## [Entries provided]
(* Let $G=S_n$ and $H=S_b\wr S_a$ (the stabiliser of a partition of $\{1,\dots,n\}$ into $a$ blocks of size $b$), where $n=ab$, $a=b+2$ and $b\geqslant 2$. Then $b(G,H)=3$.
   Context: For a subgroup $H\leqslant G$, $H_G=\bigcap_{g\in G}H^g$ is the core of $H$, and $b(G,H)=\min\{|S| : S\subseteq G,\ \bigcap_{g\in S}H^g=H_G\}$. Equivalently here, $b(G,H)$ is the minimal number of partitions of $\{1,\dots,n\}$ into $a$ parts of size $b$ whose common stabiliser in $S_n$ is trivial. *)

From mathcomp Require Import all_boot all_order all_fingroup.
Set Implicit Arguments. Unset Strict Implicit. Unset Printing Implicit Defensive.
Local Open Scope group_scope.

Definition core (gT : finGroupType) (G H : {set gT}) : {set gT} :=
  \bigcap_(g in G) H :^ g.

(* The minimum is taken over a finite nonempty family (S = G always works),
   with default value #|G| (never reached strictly above the true minimum). *)
Definition base_size (gT : finGroupType) (G H : {set gT}) : nat :=
  \big[minn/#|G|]_(S : {set gT} | (S \subset G) &&
                     ((\bigcap_(g in S) H :^ g) == core G H)) #|S|.

(* The stabiliser in Sym({0,..,n-1}) of the partition of {0,..,n-1} into the
   consecutive blocks {k*b, ..., k*b + b-1}; when n = a*b this is a partition
   into a blocks of size b, and its stabiliser is S_b wr S_a. *)
Definition block_stab (n b : nat) : {set {perm 'I_n}} :=
  [set s : {perm 'I_n} | [forall i : 'I_n, forall j : 'I_n,
      ((s i %/ b) == (s j %/ b)) == ((i %/ b) == (j %/ b))]].

From mathcomp Require Import all_boot all_order all_fingroup.
From mathcomp Require Import zify.
Set Implicit Arguments. Unset Strict Implicit. Unset Printing Implicit Defensive.

(* Conjugates of H are the stabilisers of partitions into
   a blocks of size b, so b(S_n, H) = 3 says: some three such partitions have
   trivial common stabiliser, and no two do.

   Index the points by the pair of blocks (one per partition)
   containing them; this gives cells of an a x a grid.  If a cell holds two
   points, their transposition stabilises both partitions.  Otherwise every
   row and every column of the grid has exactly two empty cells; these form a
   2-regular bipartite graph, and advancing every vertex two steps along a
   fixed orientation of each of its cycles permutes rows and columns so as to
   preserve the occupied cells.  This lifts to a nontrivial permutation of the
   points stabilising both partitions.

   For an explicit triple P, Q, R: the empty cells of P x Q form
   a single cycle through all blocks, so the common stabiliser of P and Q is
   dihedral (rotations and a reflection of the grid), and the partition R,
   obtained from P by moving three points cyclically, is stabilised by none of
   these permutations but the identity. *)

(* A partition of a finite set T is described by a labelling L : T -> U, its
   blocks being the fibres of L.  The permutation x stabilises the partition
   when it maps fibres onto fibres. *)
Definition preserves (T : finType) (U : eqType) (x : {perm T}) (L : T -> U) :=
  forall i j, (L (x i) == L (x j)) = (L i == L j).

Section Preserves.
Variables (T : finType) (U : eqType) (L : T -> U).
Local Open Scope group_scope.

Lemma preserves1 : preserves 1 L.
Proof. by move=> i j; rewrite !perm1. Qed.

Lemma preservesV x : preserves x L -> preserves x^-1 L.
Proof. by move=> xL i j; rewrite -xL !permKV. Qed.

Lemma preservesM x y : preserves x L -> preserves y L -> preserves (x * y) L.
Proof. by move=> xL yL i j; rewrite !permM yL xL. Qed.

Lemma preserves_eq (L' : T -> U) x : L =1 L' -> preserves x L -> preserves x L'.
Proof. by move=> eL xL i j; rewrite -!eL xL. Qed.

Lemma mem_block_stab_conj n b (x g : {perm 'I_n}) :
  x \in block_stab n b :^ g <-> preserves x (fun i => g^-1 i %/ b).
Proof.
rewrite mem_conjg inE; split.
  move=> /forallP xH i j; move/forallP/(_ (g^-1 j))/eqP: (xH (g^-1 i)).
  by rewrite /conjg invgK !permM !permKV.
move=> xL; apply/'forall_forallP => i j; apply/eqP.
by rewrite /conjg invgK !permM xL !permK.
Qed.

End Preserves.

Definition other (T : finType) (A : {set T}) (c : T) := odflt c [pick c' in A :\ c].

Lemma otherP (T : finType) (A : {set T}) c : #|A| = 2 -> c \in A ->
  [/\ other A c \in A, other A c != c, other A (other A c) = c &
      forall c', c' \in A -> c' = c \/ c' = other A c].
Proof.
move=> /eqP /cards2P [x [y [nxy ->]]].
have other_pair (u v : T) : u != v -> other [set u; v] u = v.
  move=> nuv; rewrite /other; case: pickP => [w|/(_ v)].
    rewrite !inE => /andP [nwu /orP [/eqP wu | /eqP //]].
    by rewrite wu eqxx in nwu.
  by rewrite !inE eq_sym nuv eqxx orbT.
have oxy := other_pair x y nxy.
have nyx : y != x by rewrite eq_sym.
have oyx : other [set x; y] y = x by rewrite setUC other_pair.
rewrite !inE => /orP [] /eqP ->; rewrite ?oxy ?oyx; split;
  rewrite ?inE ?eqxx ?orbT //;
  by move=> c'; rewrite !inE => /orP [] /eqP ->; auto.
Qed.

(* A set Z of cells of a grid R x C with exactly two cells in each row and in
   each column is the edge set of a 2-regular bipartite graph on the rows and
   columns, i.e. a disjoint union of even cycles.  Orienting the cycles and
   advancing every vertex two steps yields a fixed-point-free permutation of
   the rows and a permutation of the columns that together preserve Z. *)
Section TwoRegular.
Variables (R C : finType) (Z : {set R * C}).
Local Open Scope group_scope.

Definition row_cells r := [set c | (r, c) \in Z].
Definition col_cells c := [set r | (r, c) \in Z].

Hypothesis row_two : forall r, #|row_cells r| = 2.
Hypothesis col_two : forall c, #|col_cells c| = 2.

Definition row_mate_fun (z : R * C) :=
  if z \in Z then (z.1, other (row_cells z.1) z.2) else z.
Definition col_mate_fun (z : R * C) :=
  if z \in Z then (other (col_cells z.2) z.1, z.2) else z.

Lemma row_mate_funP z : z \in Z ->
  [/\ row_mate_fun z \in Z, (row_mate_fun z).1 = z.1, row_mate_fun z != z,
      row_mate_fun (row_mate_fun z) = z &
      forall w, w \in Z -> w.1 = z.1 -> w = z \/ w = row_mate_fun z].
Proof.
case: z => r c zZ; have cr : c \in row_cells r by rewrite inE.
have [oZ onc ooc o2] := otherP (row_two r) cr.
rewrite /row_mate_fun zZ /=; rewrite inE in oZ; rewrite oZ /= ooc.
split=> //; first by apply: contra onc => /eqP [->].
case=> r' c' wZ /= er; subst r'; have [] := o2 c'; rewrite ?inE // => ->; auto.
Qed.

Lemma col_mate_funP z : z \in Z ->
  [/\ col_mate_fun z \in Z, (col_mate_fun z).2 = z.2, col_mate_fun z != z,
      col_mate_fun (col_mate_fun z) = z &
      forall w, w \in Z -> w.2 = z.2 -> w = z \/ w = col_mate_fun z].
Proof.
case: z => r c zZ; have rc : r \in col_cells c by rewrite inE.
have [oZ onr oor o2] := otherP (col_two c) rc.
rewrite /col_mate_fun zZ /=; rewrite inE in oZ; rewrite oZ /= oor.
split=> //; first by apply: contra onr => /eqP [->].
case=> r' c' wZ /= ec; subst c'; have [] := o2 r'; rewrite ?inE // => ->; auto.
Qed.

## [Instructions for the task]
Repeat the data in full. Nothing may be dropped or altered.

## [Reply]
(* Let $G=S_n$ and $H=S_b\wr S_a$ (the stabiliser of a partition of $\{1,\dots,n\}$ into $a$ blocks of size $b$), where $n=ab$, $a=b+2$ and $b\geqslant 2$. Then $b(G,H)=3$.
   Context: For a subgroup $H\leqslant G$, $H_G=\bigcap_{g\in G}H^g$ is the core of $H$, and $b(G,H)=\min\{|S| : S\subseteq G,\ \bigcap_{g\in S}H^g=H_G\}$. Equivalently here, $b(G,H)$ is the minimal number of partitions of $\{1,\dots,n\}$ into $a$ parts of size $b$ whose common stabiliser in $S_n$ is trivial. *)

From mathcomp Require Import all_boot all_order all_fingroup.
Set Implicit Arguments. Unset Strict Implicit. Unset Printing Implicit Defensive.
Local Open Scope group_scope.

Definition core (gT : finGroupType) (G H : {set gT}) : {set gT} :=
  \bigcap_(g in G) H :^ g.

(* The minimum is taken over a finite nonempty family (S = G always works),
   with default value #|G| (never reached strictly above the true minimum). *)
Definition base_size (gT : finGroupType) (G H : {set gT}) : nat :=
  \big[minn/#|G|]_(S : {set gT} | (S \subset G) &&
                     ((\bigcap_(g in S) H :^ g) == core G H)) #|S|.

(* The stabiliser in Sym({0,..,n-1}) of the partition of {0,..,n-1} into the
   consecutive blocks {k*b, ..., k*b + b-1}; when n = a*b this is a partition
   into a blocks of size b, and its stabiliser is S_b wr S_a. *)
Definition block_stab (n b : nat) : {set {perm 'I_n}} :=
  [set s : {perm 'I_n} | [forall i : 'I_n, forall j : 'I_n,
      ((s i %/ b) == (s j %/ b)) == ((i %/ b) == (j %/ b))]].

From mathcomp Require Import all_boot all_order all_fingroup.
From mathcomp Require Import zify.
Set Implicit Arguments. Unset Strict Implicit. Unset Printing Implicit Defensive.

(* Conjugates of H are the stabilisers of partitions into
   a blocks of size b, so b(S_n, H) = 3 says: some three such partitions have
   trivial common stabiliser, and no two do.

   Index the points by the pair of blocks (one per partition)
   containing them; this gives cells of an a x a grid.  If a cell holds two
   points, their transposition stabilises both partitions.  Otherwise every
   row and every column of the grid has exactly two empty cells; these form a
   2-regular bipartite graph, and advancing every vertex two steps along a
   fixed orientation of each of its cycles permutes rows and columns so as to
   preserve the occupied cells.  This lifts to a nontrivial permutation of the
   points stabilising both partitions.

   For an explicit triple P, Q, R: the empty cells of P x Q form
   a single cycle through all blocks, so the common stabiliser of P and Q is
   dihedral (rotations and a reflection of the grid), and the partition R,
   obtained from P by moving three points cyclically, is stabilised by none of
   these permutations but the identity. *)

(* A partition of a finite set T is described by a labelling L : T -> U, its
   blocks being the fibres of L.  The permutation x stabilises the partition
   when it maps fibres onto fibres. *)
Definition preserves (T : finType) (U : eqType) (x : {perm T}) (L : T -> U) :=
  forall i j, (L (x i) == L (x j)) = (L i == L j).

Section Preserves.
Variables (T : finType) (U : eqType) (L : T -> U).
Local Open Scope group_scope.

Lemma preserves1 : preserves 1 L.
Proof. by move=> i j; rewrite !perm1. Qed.

Lemma preservesV x : preserves x L -> preserves x^-1 L.
Proof. by move=> xL i j; rewrite -xL !permKV. Qed.

Lemma preservesM x y : preserves x L -> preserves y L -> preserves (x * y) L.
Proof. by move=> xL yL i j; rewrite !permM yL xL. Qed.

Lemma preserves_eq (L' : T -> U) x : L =1 L' -> preserves x L -> preserves x L'.
Proof. by move=> eL xL i j; rewrite -!eL xL. Qed.

Lemma mem_block_stab_conj n b (x g : {perm 'I_n}) :
  x \in block_stab n b :^ g <-> preserves x (fun i => g^-1 i %/ b).
Proof.
rewrite mem_conjg inE; split.
  move=> /forallP xH i j; move/forallP/(_ (g^-1 j))/eqP: (xH (g^-1 i)).
  by rewrite /conjg invgK !permM !permKV.
move=> xL; apply/'forall_forallP => i j; apply/eqP.
by rewrite /conjg invgK !permM xL !permK.
Qed.

End Preserves.

Definition other (T : finType) (A : {set T}) (c : T) := odflt c [pick c' in A :\ c].

Lemma otherP (T : finType) (A : {set T}) c : #|A| = 2 -> c \in A ->
  [/\ other A c \in A, other A c != c, other A (other A c) = c &
      forall c', c' \in A -> c' = c \/ c' = other A c].
Proof.
move=> /eqP /cards2P [x [y [nxy ->]]].
have other_pair (u v : T) : u != v -> other [set u; v] u = v.
  move=> nuv; rewrite /other; case: pickP => [w|/(_ v)].
    rewrite !inE => /andP [nwu /orP [/eqP wu | /eqP //]].
    by rewrite wu eqxx in nwu.
  by rewrite !inE eq_sym nuv eqxx orbT.
have oxy := other_pair x y nxy.
have nyx : y != x by rewrite eq_sym.
have oyx : other [set x; y] y = x by rewrite setUC other_pair.
rewrite !inE => /orP [] /eqP ->; rewrite ?oxy ?oyx; split;
  rewrite ?inE ?eqxx ?orbT //;
  by move=> c'; rewrite !inE => /orP [] /eqP ->; auto.
Qed.

(* A set Z of cells of a grid R x C with exactly two cells in each row and in
   each column is the edge set of a 2-regular bipartite graph on the rows and
   columns, i.e. a disjoint union of even cycles.  Orienting the cycles and
   advancing every vertex two steps yields a fixed-point-free permutation of
   the rows and a permutation of the columns that together preserve Z. *)
Section TwoRegular.
Variables (R C : finType) (Z : {set R * C}).
Local Open Scope group_scope.

Definition row_cells r := [set c | (r, c) \in Z].
Definition col_cells c := [set r | (r, c) \in Z].

Hypothesis row_two : forall r, #|row_cells r| = 2.
Hypothesis col_two : forall c, #|col_cells c| = 2.

Definition row_mate_fun (z : R * C) :=
  if z \in Z then (z.1, other (row_cells z.1) z.2) else z.
Definition col_mate_fun (z : R * C) :=
  if z \in Z then (other (col_cells z.2) z.1, z.2) else z.

Lemma row_mate_funP z : z \in Z ->
  [/\ row_mate_fun z \in Z, (row_mate_fun z).1 = z.1, row_mate_fun z != z,
      row_mate_fun (row_mate_fun z) = z &
      forall w, w \in Z -> w.1 = z.1 -> w = z \/ w = row_mate_fun z].
Proof.
case: z => r c zZ; have cr : c \in row_cells r by rewrite inE.
have [oZ onc ooc o2] := otherP (row_two r) cr.
rewrite /row_mate_fun zZ /=; rewrite inE in oZ; rewrite oZ /= ooc.
split=> //; first by apply: contra onc => /eqP [->].
case=> r' c' wZ /= er; subst r'; have [] := o2 c'; rewrite ?inE // => ->; auto.
Qed.

Lemma col_mate_funP z : z \in Z ->
  [/\ col_mate_fun z \in Z, (col_mate_fun z).2 = z.2, col_mate_fun z != z,
      col_mate_fun (col_mate_fun z) = z &
      forall w, w \in Z -> w.2 = z.2 -> w = z \/ w = col_mate_fun z].
Proof.
case: z => r c zZ; have rc : r \in col_cells c by rewrite inE.
have [oZ onr oor o2] := otherP (col_two c) rc.
rewrite /col_mate_fun zZ /=; rewrite inE in oZ; rewrite oZ /= oor.
split=> //; first by apply: contra onr => /eqP [->].
case=> r' c' wZ /= ec; subst c'; have [] := o2 r'; rewrite ?inE // => ->; auto.
Qed.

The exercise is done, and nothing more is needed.